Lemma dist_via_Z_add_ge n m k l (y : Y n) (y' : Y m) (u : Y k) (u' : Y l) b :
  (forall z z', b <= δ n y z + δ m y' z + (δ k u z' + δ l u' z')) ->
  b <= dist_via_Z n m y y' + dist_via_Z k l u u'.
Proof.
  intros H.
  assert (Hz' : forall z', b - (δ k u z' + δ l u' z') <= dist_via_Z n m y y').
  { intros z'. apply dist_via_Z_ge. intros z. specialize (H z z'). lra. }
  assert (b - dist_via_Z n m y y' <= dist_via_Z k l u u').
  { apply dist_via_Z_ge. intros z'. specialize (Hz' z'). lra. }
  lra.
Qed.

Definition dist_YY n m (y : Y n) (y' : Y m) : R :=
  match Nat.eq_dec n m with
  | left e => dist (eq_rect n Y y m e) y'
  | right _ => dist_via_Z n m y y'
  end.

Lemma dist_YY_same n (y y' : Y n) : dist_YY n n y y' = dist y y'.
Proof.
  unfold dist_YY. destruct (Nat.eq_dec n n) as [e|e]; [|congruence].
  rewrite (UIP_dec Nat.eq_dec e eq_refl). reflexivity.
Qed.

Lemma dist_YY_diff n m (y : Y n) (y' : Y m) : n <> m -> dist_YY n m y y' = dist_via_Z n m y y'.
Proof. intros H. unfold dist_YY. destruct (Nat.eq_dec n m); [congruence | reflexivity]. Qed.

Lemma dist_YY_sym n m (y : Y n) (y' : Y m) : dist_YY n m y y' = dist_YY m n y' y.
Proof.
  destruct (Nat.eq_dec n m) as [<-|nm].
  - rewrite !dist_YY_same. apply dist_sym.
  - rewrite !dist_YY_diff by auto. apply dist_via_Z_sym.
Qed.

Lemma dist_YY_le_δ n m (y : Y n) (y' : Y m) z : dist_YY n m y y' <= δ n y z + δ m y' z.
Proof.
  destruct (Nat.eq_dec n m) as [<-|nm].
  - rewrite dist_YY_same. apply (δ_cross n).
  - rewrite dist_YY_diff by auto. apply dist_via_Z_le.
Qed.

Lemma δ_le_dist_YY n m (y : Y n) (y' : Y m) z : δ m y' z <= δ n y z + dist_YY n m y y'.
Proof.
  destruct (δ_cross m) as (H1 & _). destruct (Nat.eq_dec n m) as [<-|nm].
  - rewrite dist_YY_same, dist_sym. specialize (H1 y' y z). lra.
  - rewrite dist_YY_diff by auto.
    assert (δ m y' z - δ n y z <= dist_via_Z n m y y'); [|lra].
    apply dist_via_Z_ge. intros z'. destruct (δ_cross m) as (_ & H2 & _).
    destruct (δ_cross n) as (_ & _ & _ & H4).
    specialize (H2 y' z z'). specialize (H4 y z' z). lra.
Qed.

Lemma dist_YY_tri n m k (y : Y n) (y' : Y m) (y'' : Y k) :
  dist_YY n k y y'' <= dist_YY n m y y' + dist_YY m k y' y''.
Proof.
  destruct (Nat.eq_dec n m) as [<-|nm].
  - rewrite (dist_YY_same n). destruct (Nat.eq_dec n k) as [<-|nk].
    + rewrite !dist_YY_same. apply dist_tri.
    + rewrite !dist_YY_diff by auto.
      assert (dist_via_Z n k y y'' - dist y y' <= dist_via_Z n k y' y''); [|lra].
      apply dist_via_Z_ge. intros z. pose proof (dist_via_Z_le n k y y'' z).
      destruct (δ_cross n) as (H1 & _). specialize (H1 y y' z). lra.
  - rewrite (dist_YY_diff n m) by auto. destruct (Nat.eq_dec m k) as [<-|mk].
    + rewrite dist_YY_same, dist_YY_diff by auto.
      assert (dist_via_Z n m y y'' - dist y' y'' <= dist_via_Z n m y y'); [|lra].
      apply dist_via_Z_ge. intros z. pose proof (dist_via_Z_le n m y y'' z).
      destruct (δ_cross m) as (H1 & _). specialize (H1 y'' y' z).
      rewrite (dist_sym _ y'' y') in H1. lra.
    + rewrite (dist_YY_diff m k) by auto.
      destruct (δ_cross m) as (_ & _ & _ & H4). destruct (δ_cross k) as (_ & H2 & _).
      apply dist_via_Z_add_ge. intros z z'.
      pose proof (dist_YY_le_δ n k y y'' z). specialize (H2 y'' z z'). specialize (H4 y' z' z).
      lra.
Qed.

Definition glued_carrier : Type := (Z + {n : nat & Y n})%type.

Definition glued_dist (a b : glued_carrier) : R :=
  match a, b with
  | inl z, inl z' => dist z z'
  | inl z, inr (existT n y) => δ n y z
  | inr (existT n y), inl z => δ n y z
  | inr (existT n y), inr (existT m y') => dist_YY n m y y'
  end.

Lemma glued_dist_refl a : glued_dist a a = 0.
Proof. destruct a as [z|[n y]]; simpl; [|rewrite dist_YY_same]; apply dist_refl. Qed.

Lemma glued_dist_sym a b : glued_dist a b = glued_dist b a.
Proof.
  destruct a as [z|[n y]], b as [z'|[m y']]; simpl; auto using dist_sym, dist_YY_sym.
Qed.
* * *
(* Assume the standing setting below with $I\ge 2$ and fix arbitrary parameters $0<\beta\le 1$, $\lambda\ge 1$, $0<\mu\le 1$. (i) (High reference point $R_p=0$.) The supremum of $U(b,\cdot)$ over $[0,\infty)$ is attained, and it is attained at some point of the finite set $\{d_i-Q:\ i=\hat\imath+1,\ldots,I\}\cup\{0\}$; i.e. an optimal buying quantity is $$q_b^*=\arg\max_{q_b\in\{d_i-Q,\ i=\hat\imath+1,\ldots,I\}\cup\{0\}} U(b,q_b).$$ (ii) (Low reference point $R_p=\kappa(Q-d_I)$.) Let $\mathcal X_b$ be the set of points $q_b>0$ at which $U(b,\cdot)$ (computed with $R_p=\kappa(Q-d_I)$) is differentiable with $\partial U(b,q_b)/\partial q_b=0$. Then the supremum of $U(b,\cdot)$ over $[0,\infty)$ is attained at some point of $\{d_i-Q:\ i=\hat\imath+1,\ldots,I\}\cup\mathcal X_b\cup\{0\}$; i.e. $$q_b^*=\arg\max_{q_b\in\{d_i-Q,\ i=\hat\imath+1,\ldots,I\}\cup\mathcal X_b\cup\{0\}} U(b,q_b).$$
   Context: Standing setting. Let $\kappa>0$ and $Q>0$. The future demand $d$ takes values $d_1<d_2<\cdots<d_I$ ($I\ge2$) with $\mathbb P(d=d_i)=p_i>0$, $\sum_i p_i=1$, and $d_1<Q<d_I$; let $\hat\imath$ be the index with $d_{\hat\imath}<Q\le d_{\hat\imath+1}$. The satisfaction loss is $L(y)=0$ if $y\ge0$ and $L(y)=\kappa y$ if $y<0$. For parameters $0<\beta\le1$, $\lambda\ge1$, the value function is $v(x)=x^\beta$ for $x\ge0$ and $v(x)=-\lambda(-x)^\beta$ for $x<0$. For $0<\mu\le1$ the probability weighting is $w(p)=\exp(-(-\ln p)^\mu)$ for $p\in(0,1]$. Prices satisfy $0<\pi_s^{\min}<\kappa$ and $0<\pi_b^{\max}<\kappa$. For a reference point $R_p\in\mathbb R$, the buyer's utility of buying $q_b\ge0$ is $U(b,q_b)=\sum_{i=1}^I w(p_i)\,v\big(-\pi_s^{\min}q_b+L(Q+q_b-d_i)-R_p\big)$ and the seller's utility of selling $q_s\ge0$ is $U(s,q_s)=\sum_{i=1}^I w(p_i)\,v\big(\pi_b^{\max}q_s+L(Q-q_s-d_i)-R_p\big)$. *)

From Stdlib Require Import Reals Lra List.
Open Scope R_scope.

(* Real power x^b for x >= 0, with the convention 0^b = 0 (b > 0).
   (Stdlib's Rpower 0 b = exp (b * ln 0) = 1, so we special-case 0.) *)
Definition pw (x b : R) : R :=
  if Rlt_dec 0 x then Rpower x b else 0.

What is needed –
Everything above from the line with "- rewrite dist_YY_diff by auto. apply" to the line with "- rewrite dist_YY_same, dist_sym.", both included, must be repeated exactly, and nothing outside that range.

Response to this exercise –
  - rewrite dist_YY_diff by auto. apply dist_via_Z_le.
Qed.

Lemma δ_le_dist_YY n m (y : Y n) (y' : Y m) z : δ m y' z <= δ n y z + dist_YY n m y y'.
Proof.
  destruct (δ_cross m) as (H1 & _). destruct (Nat.eq_dec n m) as [<-|nm].
  - rewrite dist_YY_same, dist_sym. specialize (H1 y' y z). lra.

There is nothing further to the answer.